According to the CDC, 1 in 10 Americans suffer from some form of Depression. As pharmaceutical drugs show less effect in some studies compared to no drugs, the use of natural medicine is high in this chronic condition.



How Depression Works

Depression is caused by multiple factors such as emotional, social and environmental as well as genetic.

Interestingly, the initial episode although of tremendous stress, recurrence of depression leads to less intense stress related episodes but more autonomous in a process known as 'kindling.' This process leads to dysfunction in the nervous system by increasing cortisol, reducing restful sleep, increasing rapid eye movements which lead to easy arousal or early arousal during sleep and disruption among the nervous system itself.

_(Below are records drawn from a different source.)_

(* Let $U\subset\mathbb{R}^n$ be an open set with coordinates $u^{i(\alpha)}$, $\alpha\in\{1,\dots,r\}$, $i\in\{1,\dots,m_\alpha\}$, where $n=m_1+\dots+m_r$, equipped with the commutative associative product $\circ$ with structure constants $c^{i(\alpha)}_{j(\beta)k(\gamma)}=\delta^\alpha_\beta\delta^\alpha_\gamma\delta^i_{j+k-1}$ and unit $e$ with components $e^{i(\alpha)}=\delta^i_1$. Let $X$ be a vector field on $U$ and let $\nabla$ be the torsionless connection on $U$ uniquely determined by the conditions $$\nabla_j e^i=0,\qquad c^i_{js}\nabla_kX^s-c^i_{ks}\nabla_jX^s=0,\qquad i,j,k\in\{1,\dots,n\}.$$ Let $Y$ be a vector field on $U$ satisfying $$(d_\nabla(Y\circ))^i_{jk}:=c^i_{js}\nabla_kY^s-c^i_{ks}\nabla_jY^s=0,\qquad i,j,k\in\{1,\dots,n\}.$$ Let $\mathbf{u}(x,t)=(u^1(x,t),\dots,u^n(x,t))$ be a (differentiable) function with values in $U$ satisfying the algebraic system $$x\,e^{i}+t\,X^{i}(\mathbf{u}(x,t))=Y^{i}(\mathbf{u}(x,t)),\qquad i\in\{1,\dots,n\}.$$ Then $\mathbf{u}(x,t)$ is a solution of the system of hydrodynamic type $$u^i_t=c^i_{jk}X^j(\mathbf{u})\,u^k_x,\qquad i\in\{1,\dots,n\}.$$
   Context: Double-index notation: the index $i(\alpha)$ denotes the single index $m_1+\dots+m_{\alpha-1}+i$, and summation over repeated indices is understood. The coordinates are canonical (David–Hertling) coordinates of a regular F-manifold with Euler vector field, in which the Euler vector field has components $E^{i(\alpha)}=u^{i(\alpha)}$; in these coordinates the matrix $V^i_k=c^i_{jk}X^j$ is block-diagonal with $r$ blocks, the $\alpha$-th block being the $m_\alpha\times m_\alpha$ lower-triangular Toeplitz matrix with entries $V^{i(\alpha)}_{k(\alpha)}=X^{(i-k+1)(\alpha)}$ for $i\ge k$ and $0$ for $i<k$. The uniqueness of $\nabla$ holds under the standing assumptions that $X^{1(\alpha)}\neq X^{1(\beta)}$ for $\alpha\ne\beta$ and $X^{2(\alpha)}\neq 0$ for each $\alpha$. A vector field $Y$ with $d_\nabla(Y\circ)=0$ defines a symmetry $\mathbf{u}_\tau=Y\circ\mathbf{u}_x$ of the system. *)

From HB Require Import structures.
From mathcomp Require Import all_boot all_order all_algebra.
From mathcomp Require Import all_classical all_reals all_analysis.
Set Implicit Arguments. Unset Strict Implicit. Unset Printing Implicit Defensive.
Import Order.TTheory GRing.Theory Num.Theory.
Import numFieldNormedType.Exports.
Local Open Scope ring_scope.

(* The block sizes are given by a sequence ms = [:: m_1; ...; m_r].
   Indices are 0-based: the single index p corresponds to the double index
   i(alpha) with alpha - 1 = blk ms p and i - 1 = pos ms p. *)

Definition bstart (ms : seq nat) (a : nat) : nat := sumn (take a ms).

(* block (0-based) containing the single index p (for p < sumn ms) *)
Definition blk (ms : seq nat) (p : nat) : nat :=
  \sum_(a < size ms) (bstart ms a.+1 <= p)%N.

Definition pos (ms : seq nat) (p : nat) : nat := (p - bstart ms (blk ms p))%N.

Definition dbl (ms : seq nat) (a i : nat) : nat := (bstart ms a + i)%N.

(* structure constants c^p_{q s} = delta^alpha_beta delta^alpha_gamma
   delta^i_{j+k-1}  (in 0-based positions: i-1 = (j-1)+(k-1)) *)
Definition cst_F (R : ringType) (ms : seq nat) (p q s : nat) : R :=
  if [&& blk ms q == blk ms p, blk ms s == blk ms p &
         pos ms p == (pos ms q + pos ms s)%N] then 1 else 0.

Definition unit_F (R : ringType) (ms : seq nat) (p : nat) : R :=
  if pos ms p == 0%N then 1 else 0.

Section Calc.
Variables (R : realType) (n : nat).

Definition comp (Z : 'rV[R]_n -> 'rV[R]_n) (s : 'I_n) : 'rV[R]_n -> R :=
  fun u => Z u ord0 s.

Definition basis_vec (k : 'I_n) : 'rV[R]_n := delta_mx ord0 k.

Definition pd (f : 'rV[R]_n -> R) (k : 'I_n) (u : 'rV[R]_n) : R :=
  derive f u (basis_vec k).

Definition cov (Gamma : 'I_n -> 'I_n -> 'I_n -> 'rV[R]_n -> R)
  (Z : 'rV[R]_n -> 'rV[R]_n) (k s : 'I_n) (u : 'rV[R]_n) : R :=
  pd (comp Z s) k u + \sum_(l < n) Gamma s k l u * Z u ord0 l.

Definition dnabla_circ (ms : seq nat)
  (Gamma : 'I_n -> 'I_n -> 'I_n -> 'rV[R]_n -> R)
  (Z : 'rV[R]_n -> 'rV[R]_n) (i j k : 'I_n) (u : 'rV[R]_n) : R :=
  \sum_(s < n) (cst_F R ms i j s * cov Gamma Z k s u
                - cst_F R ms i k s * cov Gamma Z j s u).

End Calc.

The body is in a constant state of learning and these changes caused by depression on the nerve cells ends up in gene transcription factors and nerve growth factors. The end result is the disruption of the nerve proteins and neurotransmitters such as serotonin, GABA, dopamine and norepinephrine. These neurotransmitters and there disruption can cause problems with synthesis of neurotransmitters, increases its breakdown and as a result causes an imbalance in this delicate cycle.


How Modern Medicine works

As a Modern doctor, there is a stepwise approach or pathways to treating depression by starting with the most common Selective serotonin reuptake inhibitors such as fluoxetine, paroxetine. Also known as Prozac, paxil and similar drugs. The purpose to bring these neurotransmitters to increase and thus leading to a balance.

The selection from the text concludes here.